→ **WORK TO COMPLETE**:
Set down the data again in full, keeping every line exactly as it is.

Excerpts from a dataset
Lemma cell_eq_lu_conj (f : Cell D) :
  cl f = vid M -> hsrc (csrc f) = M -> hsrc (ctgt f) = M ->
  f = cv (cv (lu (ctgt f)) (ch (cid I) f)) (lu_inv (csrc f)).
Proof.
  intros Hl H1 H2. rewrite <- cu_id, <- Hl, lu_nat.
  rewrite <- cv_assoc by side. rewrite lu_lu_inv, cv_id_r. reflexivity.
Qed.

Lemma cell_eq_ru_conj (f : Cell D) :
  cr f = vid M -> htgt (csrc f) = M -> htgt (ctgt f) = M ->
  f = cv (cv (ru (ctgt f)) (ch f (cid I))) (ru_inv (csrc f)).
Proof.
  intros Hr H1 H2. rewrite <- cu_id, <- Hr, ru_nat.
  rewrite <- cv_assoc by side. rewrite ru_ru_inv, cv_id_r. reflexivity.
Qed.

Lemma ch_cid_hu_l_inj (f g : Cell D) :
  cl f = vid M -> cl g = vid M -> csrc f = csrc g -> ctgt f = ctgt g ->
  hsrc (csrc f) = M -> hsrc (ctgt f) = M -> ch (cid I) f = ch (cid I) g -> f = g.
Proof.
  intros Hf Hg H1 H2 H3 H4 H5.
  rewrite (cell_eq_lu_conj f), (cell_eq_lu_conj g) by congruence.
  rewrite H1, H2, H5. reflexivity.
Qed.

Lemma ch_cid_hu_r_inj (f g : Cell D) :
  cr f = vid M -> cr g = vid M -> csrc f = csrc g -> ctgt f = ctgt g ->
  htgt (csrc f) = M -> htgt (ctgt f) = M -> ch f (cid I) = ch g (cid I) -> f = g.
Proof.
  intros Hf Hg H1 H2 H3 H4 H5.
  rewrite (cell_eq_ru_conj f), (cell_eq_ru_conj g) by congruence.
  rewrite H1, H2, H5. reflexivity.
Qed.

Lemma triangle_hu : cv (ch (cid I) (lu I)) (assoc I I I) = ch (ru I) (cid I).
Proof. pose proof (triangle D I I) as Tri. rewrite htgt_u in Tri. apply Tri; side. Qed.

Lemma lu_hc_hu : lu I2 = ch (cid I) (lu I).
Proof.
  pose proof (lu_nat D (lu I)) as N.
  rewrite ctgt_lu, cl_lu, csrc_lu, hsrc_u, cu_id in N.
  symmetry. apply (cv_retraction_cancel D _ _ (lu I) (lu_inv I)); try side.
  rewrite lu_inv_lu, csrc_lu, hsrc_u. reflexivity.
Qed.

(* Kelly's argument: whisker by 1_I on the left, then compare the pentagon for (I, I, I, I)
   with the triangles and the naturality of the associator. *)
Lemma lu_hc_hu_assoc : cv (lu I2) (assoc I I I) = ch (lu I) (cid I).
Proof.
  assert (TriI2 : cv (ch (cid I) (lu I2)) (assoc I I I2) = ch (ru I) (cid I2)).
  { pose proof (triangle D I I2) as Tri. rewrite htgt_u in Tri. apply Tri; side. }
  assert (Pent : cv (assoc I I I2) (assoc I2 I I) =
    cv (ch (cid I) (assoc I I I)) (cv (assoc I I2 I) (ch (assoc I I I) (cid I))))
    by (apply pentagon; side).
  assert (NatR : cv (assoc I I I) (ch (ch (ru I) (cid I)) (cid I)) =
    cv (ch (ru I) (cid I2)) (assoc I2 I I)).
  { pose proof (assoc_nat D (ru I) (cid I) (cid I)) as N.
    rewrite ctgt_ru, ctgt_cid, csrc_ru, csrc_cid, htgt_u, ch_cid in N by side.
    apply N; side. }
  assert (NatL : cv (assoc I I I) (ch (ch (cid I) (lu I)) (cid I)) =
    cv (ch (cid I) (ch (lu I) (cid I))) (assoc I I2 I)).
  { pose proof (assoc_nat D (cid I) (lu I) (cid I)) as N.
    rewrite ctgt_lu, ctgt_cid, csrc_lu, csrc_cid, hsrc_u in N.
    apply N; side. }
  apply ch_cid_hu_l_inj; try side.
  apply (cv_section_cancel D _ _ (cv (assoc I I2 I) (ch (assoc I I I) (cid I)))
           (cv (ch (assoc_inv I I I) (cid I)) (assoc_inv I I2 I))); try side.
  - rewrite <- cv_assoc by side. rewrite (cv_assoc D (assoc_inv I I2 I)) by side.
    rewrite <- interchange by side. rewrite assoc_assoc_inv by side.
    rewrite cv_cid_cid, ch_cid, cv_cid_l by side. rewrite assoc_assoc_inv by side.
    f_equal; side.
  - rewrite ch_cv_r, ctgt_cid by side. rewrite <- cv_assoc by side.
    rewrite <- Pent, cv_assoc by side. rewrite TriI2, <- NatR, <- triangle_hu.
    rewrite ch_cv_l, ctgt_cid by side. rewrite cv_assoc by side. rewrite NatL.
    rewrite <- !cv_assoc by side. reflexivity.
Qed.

→ **ANSWER SECTION**:
Lemma cell_eq_lu_conj (f : Cell D) :
  cl f = vid M -> hsrc (csrc f) = M -> hsrc (ctgt f) = M ->
  f = cv (cv (lu (ctgt f)) (ch (cid I) f)) (lu_inv (csrc f)).
Proof.
  intros Hl H1 H2. rewrite <- cu_id, <- Hl, lu_nat.
  rewrite <- cv_assoc by side. rewrite lu_lu_inv, cv_id_r. reflexivity.
Qed.

Lemma cell_eq_ru_conj (f : Cell D) :
  cr f = vid M -> htgt (csrc f) = M -> htgt (ctgt f) = M ->
  f = cv (cv (ru (ctgt f)) (ch f (cid I))) (ru_inv (csrc f)).
Proof.
  intros Hr H1 H2. rewrite <- cu_id, <- Hr, ru_nat.
  rewrite <- cv_assoc by side. rewrite ru_ru_inv, cv_id_r. reflexivity.
Qed.

Lemma ch_cid_hu_l_inj (f g : Cell D) :
  cl f = vid M -> cl g = vid M -> csrc f = csrc g -> ctgt f = ctgt g ->
  hsrc (csrc f) = M -> hsrc (ctgt f) = M -> ch (cid I) f = ch (cid I) g -> f = g.
Proof.
  intros Hf Hg H1 H2 H3 H4 H5.
  rewrite (cell_eq_lu_conj f), (cell_eq_lu_conj g) by congruence.
  rewrite H1, H2, H5. reflexivity.
Qed.

Lemma ch_cid_hu_r_inj (f g : Cell D) :
  cr f = vid M -> cr g = vid M -> csrc f = csrc g -> ctgt f = ctgt g ->
  htgt (csrc f) = M -> htgt (ctgt f) = M -> ch f (cid I) = ch g (cid I) -> f = g.
Proof.
  intros Hf Hg H1 H2 H3 H4 H5.
  rewrite (cell_eq_ru_conj f), (cell_eq_ru_conj g) by congruence.
  rewrite H1, H2, H5. reflexivity.
Qed.

Lemma triangle_hu : cv (ch (cid I) (lu I)) (assoc I I I) = ch (ru I) (cid I).
Proof. pose proof (triangle D I I) as Tri. rewrite htgt_u in Tri. apply Tri; side. Qed.

Lemma lu_hc_hu : lu I2 = ch (cid I) (lu I).
Proof.
  pose proof (lu_nat D (lu I)) as N.
  rewrite ctgt_lu, cl_lu, csrc_lu, hsrc_u, cu_id in N.
  symmetry. apply (cv_retraction_cancel D _ _ (lu I) (lu_inv I)); try side.
  rewrite lu_inv_lu, csrc_lu, hsrc_u. reflexivity.
Qed.

(* Kelly's argument: whisker by 1_I on the left, then compare the pentagon for (I, I, I, I)
   with the triangles and the naturality of the associator. *)
Lemma lu_hc_hu_assoc : cv (lu I2) (assoc I I I) = ch (lu I) (cid I).
Proof.
  assert (TriI2 : cv (ch (cid I) (lu I2)) (assoc I I I2) = ch (ru I) (cid I2)).
  { pose proof (triangle D I I2) as Tri. rewrite htgt_u in Tri. apply Tri; side. }
  assert (Pent : cv (assoc I I I2) (assoc I2 I I) =
    cv (ch (cid I) (assoc I I I)) (cv (assoc I I2 I) (ch (assoc I I I) (cid I))))
    by (apply pentagon; side).
  assert (NatR : cv (assoc I I I) (ch (ch (ru I) (cid I)) (cid I)) =
    cv (ch (ru I) (cid I2)) (assoc I2 I I)).
  { pose proof (assoc_nat D (ru I) (cid I) (cid I)) as N.
    rewrite ctgt_ru, ctgt_cid, csrc_ru, csrc_cid, htgt_u, ch_cid in N by side.
    apply N; side. }
  assert (NatL : cv (assoc I I I) (ch (ch (cid I) (lu I)) (cid I)) =
    cv (ch (cid I) (ch (lu I) (cid I))) (assoc I I2 I)).
  { pose proof (assoc_nat D (cid I) (lu I) (cid I)) as N.
    rewrite ctgt_lu, ctgt_cid, csrc_lu, csrc_cid, hsrc_u in N.
    apply N; side. }
  apply ch_cid_hu_l_inj; try side.
  apply (cv_section_cancel D _ _ (cv (assoc I I2 I) (ch (assoc I I I) (cid I)))
           (cv (ch (assoc_inv I I I) (cid I)) (assoc_inv I I2 I))); try side.
  - rewrite <- cv_assoc by side. rewrite (cv_assoc D (assoc_inv I I2 I)) by side.
    rewrite <- interchange by side. rewrite assoc_assoc_inv by side.
    rewrite cv_cid_cid, ch_cid, cv_cid_l by side. rewrite assoc_assoc_inv by side.
    f_equal; side.
  - rewrite ch_cv_r, ctgt_cid by side. rewrite <- cv_assoc by side.
    rewrite <- Pent, cv_assoc by side. rewrite TriI2, <- NatR, <- triangle_hu.
    rewrite ch_cv_l, ctgt_cid by side. rewrite cv_assoc by side. rewrite NatL.
    rewrite <- !cv_assoc by side. reflexivity.
Qed.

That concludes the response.